Significant early treatment × year two-way interaction (A) on the seedling emergence, (B) on the survival during the early stage, and (C) on the survival during the late stage in ancestors of P. rhoeas. (D) Significant two-way interaction effect between early treatment and year on the ancestors’ seedling emergence in O. viciifolia. Other significant early and/or late predictability-treatment (without interaction with year parameter) effects are shown in the Table 1. Red and dashed lines represent the less predictable treatment and blue and solid line represent the more predictable treatment. Means ± SE is shown for each early treatment × year combination. Significant post-hoc contrasts between less and more early predictable treatment within each year are indicated with asterisk (*0.05 > P ≥ 0.01; ***P < 0.001). Colored letters represent post-hoc contrast differences across years in each treatment level (red: less predictable treatment; blue: more predictable treatment).

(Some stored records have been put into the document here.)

Let beta_gt0 : 0 < beta. Proof. by case: irg => _ _ [/andP[]]. Qed.
Let beta_lt1 : beta < 1. Proof. by case: irg => _ _ [/andP[]]. Qed.
Let gamma_gt0 : 0 < gamma. Proof. by case: irg => _ _ [_ /andP[]]. Qed.
Let gamma_lt1 : gamma < 1. Proof. by case: irg => _ _ [_ /andP[]]. Qed.
Let tau_gt0 : 0 < tau. Proof. by case: irg => _ _ [_ _ /andP[]]. Qed.
Let tau_lt1 : tau < 1. Proof. by case: irg => _ _ [_ _ /andP[]]. Qed.
Let mu_gt0 : 0 < mu. Proof. by case: irg => _ [/andP[]]. Qed.
Let mu_lt1 : mu < 1. Proof. by case: irg => _ [/andP[]]. Qed.
Let theta_gt0 : 0 < theta. Proof. by case: irg => _ [_ /andP[]]. Qed.
Let theta_lt1 : theta < 1. Proof. by case: irg => _ [_ /andP[]]. Qed.

Definition null_step k := enorm (g k) <= r k + eps k.

Lemma null_stepE {k} : null_step k ->
  [/\ r k.+1 = mu * r k, eps k.+1 = theta * eps k & d k = 0].
Proof. by case: irg => _ _ _ _ /(_ k) [_]; rewrite /null_step; case: ifP. Qed.

Lemma nonnull_stepE {k} : ~ null_step k ->
  [/\ r k.+1 = r k, eps k.+1 = eps k &
      d k = - ((enorm (g k) - eps k) / enorm (g k)) *: g k].
Proof. by case: irg => _ _ _ _ /(_ k) [_]; rewrite /null_step; case: ifP. Qed.

Lemma eps_r_gt0 k : 0 < eps k /\ 0 < r k.
Proof.
elim: k => [|k [eps_gt0 r_gt0]]; first by case: irg.
have [/null_stepE[-> -> _]|/nonnull_stepE[-> -> _]] := pselect (null_step k) => //.
by rewrite !mulr_gt0.
Qed.

Lemma eps_gt0 k : 0 < eps k. Proof. exact: (eps_r_gt0 k).1. Qed.
Lemma r_gt0 k : 0 < r k. Proof. exact: (eps_r_gt0 k).2. Qed.

Lemma eps_noninc k : eps k.+1 <= eps k.
Proof.
have [/null_stepE[_ -> _]|/nonnull_stepE[_ -> _]] := pselect (null_step k) => //.
by rewrite ger_pMl ?eps_gt0 // ltW.
Qed.

Lemma r_noninc k : r k.+1 <= r k.
Proof.
have [/null_stepE[-> _ _]|/nonnull_stepE[-> _ _]] := pselect (null_step k) => //.
by rewrite ger_pMl ?r_gt0 // ltW.
Qed.

Lemma grad_err k : enorm (g k - grad f (x k)) <= eps k.
Proof. by case: irg => _ _ _ _ /(_ k) [+ _ _ _]; rewrite le_min => /andP[]. Qed.

Lemma enorm_dir {k} : ~ null_step k -> enorm (d k) = enorm (g k) - eps k.
Proof.
move=> /[dup] nnull /nonnull_stepE[_ _ ->].
move: nnull; rewrite /null_step => /negP; rewrite -ltNge => g_big.
have g_gt0 : 0 < enorm (g k) by rewrite (lt_trans _ g_big) ?addr_gt0 ?r_gt0 ?eps_gt0.
rewrite enormZ normrN ger0_norm ?divfK ?gt_eqF //.
by rewrite divr_ge0 ?subr_ge0 ?ltW // (le_lt_trans _ g_big) // lerDr ltW ?r_gt0.
Qed.

Lemma r_lt_enorm_dir {k} : ~ null_step k -> r k < enorm (d k).
Proof.
move=> /[dup] nnull /enorm_dir ->; rewrite ltrBrDr ltNge; exact/negP.
Qed.

Lemma dir_descent {k} : ~ null_step k -> dot (grad f (x k)) (d k) <= - enorm (d k) ^+ 2.
Proof.
move=> nnull; have := r_lt_enorm_dir nnull; rewrite (enorm_dir nnull) => r_lt.
have [_ _ ->] := nonnull_stepE nnull.
rewrite dotZr mulNr lerN2.
have := grad_err k; have := r_gt0 k; have := eps_gt0 k => e_gt0 r_gt0k err.
have G_gt0 : 0 < enorm (g k) by lra.
have lam_ge0 : 0 <= (enorm (g k) - eps k) / enorm (g k).
  by apply: divr_ge0; lra.
have dotG : enorm (g k) * (enorm (g k) - eps k) <= dot (grad f (x k)) (g k).
  have := dot_le (g k - grad f (x k)) (g k); rewrite dotBl -enorm_sqr.
  have : enorm (g k - grad f (x k)) * enorm (g k) <= eps k * enorm (g k).
    by rewrite ler_pM2r.
  by rewrite expr2; lra.
apply: le_trans (ler_wpM2l lam_ge0 dotG).
by rewrite mulrA divfK ?expr2 // lt0r_neq0.
Qed.

Lemma stepsizeP k : (d k = 0 /\ t k = tau) \/
  (d k != 0 /\ exists j, [/\ t k = gamma ^+ j, armijo f beta (x k) (d k) (gamma ^+ j) &
     forall i, (i < j)%N -> ~ armijo f beta (x k) (d k) (gamma ^+ i)]).
Proof.
case: irg => _ _ _ _ /(_ k) [_ _ + _].
by case: eqP => [-> ->|/eqP d_neq0 armijo_j]; [left|right].
Qed.

Lemma t_gt0 k : 0 < t k.
Proof. by case: (stepsizeP k) => [[_ ->]|[_ [j [-> _ _]]]] //; exact: exprn_gt0. Qed.

Lemma t_le1 k : t k <= 1.
Proof.
case: (stepsizeP k) => [[_ ->]|[_ [j [-> _ _]]]]; first exact: ltW.
by rewrite exprn_ile1 // ltW.
Qed.

Lemma x_next k : x k.+1 = x k + t k *: d k.
Proof. by case: irg => _ _ _ _ /(_ k) []. Qed.

Lemma enorm_step k : enorm (x k.+1 - x k) = t k * enorm (d k).
Proof. by rewrite x_next addrC addKr enormZ ger0_norm // ltW // t_gt0. Qed.

Lemma f_descent k : f (x k.+1) <= f (x k) - beta * (t k * enorm (d k) ^+ 2).
Proof.
rewrite x_next; case: (stepsizeP k) => [[-> _]|[_ [j [-> armijo_j _]]]].
  by rewrite scaler0 addr0 enorm0 expr0n /= !mulr0 subr0.
by move: armijo_j; rewrite /armijo mulrA.
Qed.

Lemma f_noninc {p q : nat} : (p <= q)%N -> f (x q) <= f (x p).
Proof.
move=> /subnK <-; elim: (q - p)%N => [|j IH]; first by rewrite add0n.
rewrite addSn; apply: le_trans (f_descent _) _; apply: le_trans IH.
by rewrite gerBl !mulr_ge0 ?enorm_ge0 ?(ltW beta_gt0) ?(ltW (t_gt0 _)).
Qed.

Lemma dist_le_fdrop {c : R} {p q : nat} : 0 < c -> (p <= q)%N ->
  (forall k, (p <= k)%N -> (k < q)%N -> d k = 0 \/ c <= enorm (d k)) ->
  beta * c * enorm (x q - x p) <= f (x p) - f (x q).
Proof.
move=> c_gt0 /subnK <-; elim: (q - p)%N => [|j IH] big_dirs.
  by rewrite add0n subrr enorm0 mulr0 subrr.
rewrite addSn; set k := (j + p)%N.
have step : beta * c * enorm (x k.+1 - x k) <= f (x k) - f (x k.+1).
  have t_gt0k := t_gt0 k; have := f_descent k; rewrite enorm_step.
  case: (big_dirs k (leq_addl _ _) (ltnSn _)) => [->|c_le].
    by rewrite enorm0 expr0n /= !mulr0; lra.
  have cD : c * (t k * enorm (d k)) <= t k * enorm (d k) ^+ 2.
    rewrite mulrC expr2 mulrA; apply: ler_wpM2l c_le.
    by rewrite mulr_ge0 ?enorm_ge0 ?ltW.
  by have := ler_wpM2l (ltW beta_gt0) cD; lra.
have := IH (fun i pi ij => big_dirs i pi (ltn_trans ij (ltnSn _))).
have := ler_enorm_dist (x k.+1) (x k) (x p).
have := mulr_gt0 beta_gt0 c_gt0 => bc_gt0 tri IHj.
by have := ler_wpM2l (ltW bc_gt0) tri; lra.
Qed.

Figure 3Treatment-induced transgenerational responses.
In P. rhoeas, differences between ancestral generation and descendant generation according to (A) the early treatment on the seedling emergence, and according to (B) the late treatment on the survival during the late stage. Significant differences between more and less predictable treatment in descendants are indicated with an asterisk (*0.05 > P ≥ 0.01). Significant post-hoc contrasts between descendants and ancestors within each treatment are indicated with different colored letters (red: less predictable treatment; blue: more predictable treatment).